By AFP - Oct 08,2018 - Last updated at Oct 08,2018

TAEZ, Yemen — By converting his home into a makeshift school, a teacher in Yemen’s southwestern city of Taez has helped hundreds of children in the war-torn country return to the classroom.

Three years of fighting between the Saudi-backed government and Shiite Houthi rebels have left Yemen’s education system in tatters.

Around 2 million children across the country now have no access to schooling, according to the United Nations children’s fund (UNICEF), and the war that has pushed Yemen to the brink of famine shows no sign of waning.

But for more than 700 boys and girls of primary school age, Adel Al Shurihi’s three-storey home in the government-held neighbourhood of Wadi Al Slami is a welcome chance to keep up their studies.

“There are two options, either these children end up on the streets or they gather inside the building to study because most schools are closed,” Shurihi told AFP.

“Inside, at least, they are protected from stray bullets.”


Patriotic duty


Book bags in tow, the students line up outside the breeze-block building dubbed Al Nahda school to do their morning exercise, recite Koranic verses and sing the national anthem.

The home-turned-school has been taking in students since 2016, with the government providing used books for the classes.

But with no budget and a crew of volunteer teachers, Shurihi wants the authorities to do more.

“This initiative began as a charity and a good deed, but now the relevant government entities must continue what we started,” he told AFP.

The structure is divided into 13 classrooms — there are no desks or chairs.

AlNahda’s 712 students sit on the floor for their daily lessons, and share two bathrooms — one for girls and one for boys.

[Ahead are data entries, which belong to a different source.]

(* Local state of a process = program counter together with the values of
   the local variables that are live at that point.  AtK means "next step
   executes line K".
   Names: o, t = argument and ticket; ts ss rs ps = t_star, s_star, r_star, roptr_star;
   t1 o1 p1 = t', o', roptr'; th rh = t^, r^; s1 r1 = s', r'.
   The op field o' of A is an option: None = NOOP. *)
Inductive lstate (OP Q RES : Type) : Type :=
| Idle
| At2 (o : OP)
| At3 (o : OP) (t : nat)
| At4 (o : OP) (t : nat)
| At5 (o : OP) (t : nat)
| At6 (o : OP) (t : nat) (ts : nat) (ss : Q) (rs : rval RES) (ps : ptr)
| At7 (o : OP) (t : nat) (ts : nat) (ss : Q) (rs : rval RES) (ps : ptr)
| At8 (o : OP) (t : nat) (ts : nat) (ss : Q) (rs : rval RES) (ps : ptr)
| At9 (o : OP) (t : nat) (ts : nat) (ss : Q) (rs : rval RES) (ps : ptr)
      (t1 : nat) (o1 : option OP) (p1 : ptr)
| At10 (o : OP) (t : nat) (ts : nat) (ss : Q) (rs : rval RES) (ps : ptr)
      (t1 : nat) (o1 : option OP) (p1 : ptr) (th : nat) (rh : rval RES)
| At11 (o : OP) (t : nat) (ts : nat) (ss : Q) (rs : rval RES) (ps : ptr)
      (t1 : nat) (o1 : option OP) (p1 : ptr)
| At12 (o : OP) (t : nat) (ts : nat) (ss : Q) (rs : rval RES) (ps : ptr)
      (t1 : nat) (o1 : option OP) (p1 : ptr) (s1 : Q) (r1 : RES)
| At13 (o : OP) (t : nat) (t1 : nat) (o1 : option OP) (p1 : ptr)
| At14 (o : OP) (t : nat).
Arguments Idle {OP Q RES}.
Arguments At2 {OP Q RES}.
Arguments At3 {OP Q RES}.
Arguments At4 {OP Q RES}.
Arguments At5 {OP Q RES}.
Arguments At6 {OP Q RES}.
Arguments At7 {OP Q RES}.
Arguments At8 {OP Q RES}.
Arguments At9 {OP Q RES}.
Arguments At10 {OP Q RES}.
Arguments At11 {OP Q RES}.
Arguments At12 {OP Q RES}.
Arguments At13 {OP Q RES}.
Arguments At14 {OP Q RES}.

(* Global configuration: shared objects C, A, S, H_p, local states, and a
   ghost counter inv p = number of DoOp invocations started by p (used only
   to name operations). *)
Record config (OP Q RES : Type) : Type := Cfg {
  cC : nat;
  cA : nat * option OP * ptr;                 (* (time, op, ptr) *)
  cS : nat * Q * rval RES * ptr;              (* (time, state, response, ptr) *)
  cH : nat -> nat * rval RES;                 (* H_p = (time, response) *)
  cloc : nat -> lstate OP Q RES;
  cinv : nat -> nat
}.

Definition upd {X : Type} (f : nat -> X) (p : nat) (x : X) : nat -> X :=
  fun q => if Nat.eqb q p then x else f q.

They are taught by 28 volunteer teachers, most of whom worked in government schools shuttered due to violence and budget issues.

Safaa Mohammed, who worked at a school that was forced to closed, said it was her national duty to teach Yemeni children.

“Our children were lost when they were not learning,” she told AFP.

“We had to open this school after so many closed since 2015 because of the conflict,” she said.

Even though the school lacks many essential items and the classes are packed, Mohammed still shows up each day to teach without pay.

“It is a patriotic duty to teach before it is a humanitarian issue,” she said.




UNICEF estimates that some 4.5 million children in Yemen risk losing access to state schools, as teachers have not been paid in nearly two years.

More than 2,500 schools have been damaged or destroyed, and others are now used as shelters for displaced people or as bases run by armed groups.

Three quarters of Yemen’s population — or 22 million people — are in need of humanitarian aid, including 8 million who need food relief to survive, according to UN figures.

Hafez Mohammed, a student at Al Nahda, said he was “grateful” for the opportunity to press on with his studies.

“This building, which has turned into a school, is closer to us than any government school,” he told AFP.

“We can’t afford studying in private schools or government schools.”

Yemen’s war has put the country’s children at particular risk.

More than 40 per cent of Yemeni girls are married before the age of 15, while three quarters wed by 18, according to UNICEF.

Boys are at risk of being drawn directly into the conflict, fighting as child soldiers in a war that has killed nearly 10,000 people since Saudi Arabia and its allies intervened on the government’s side in 2015.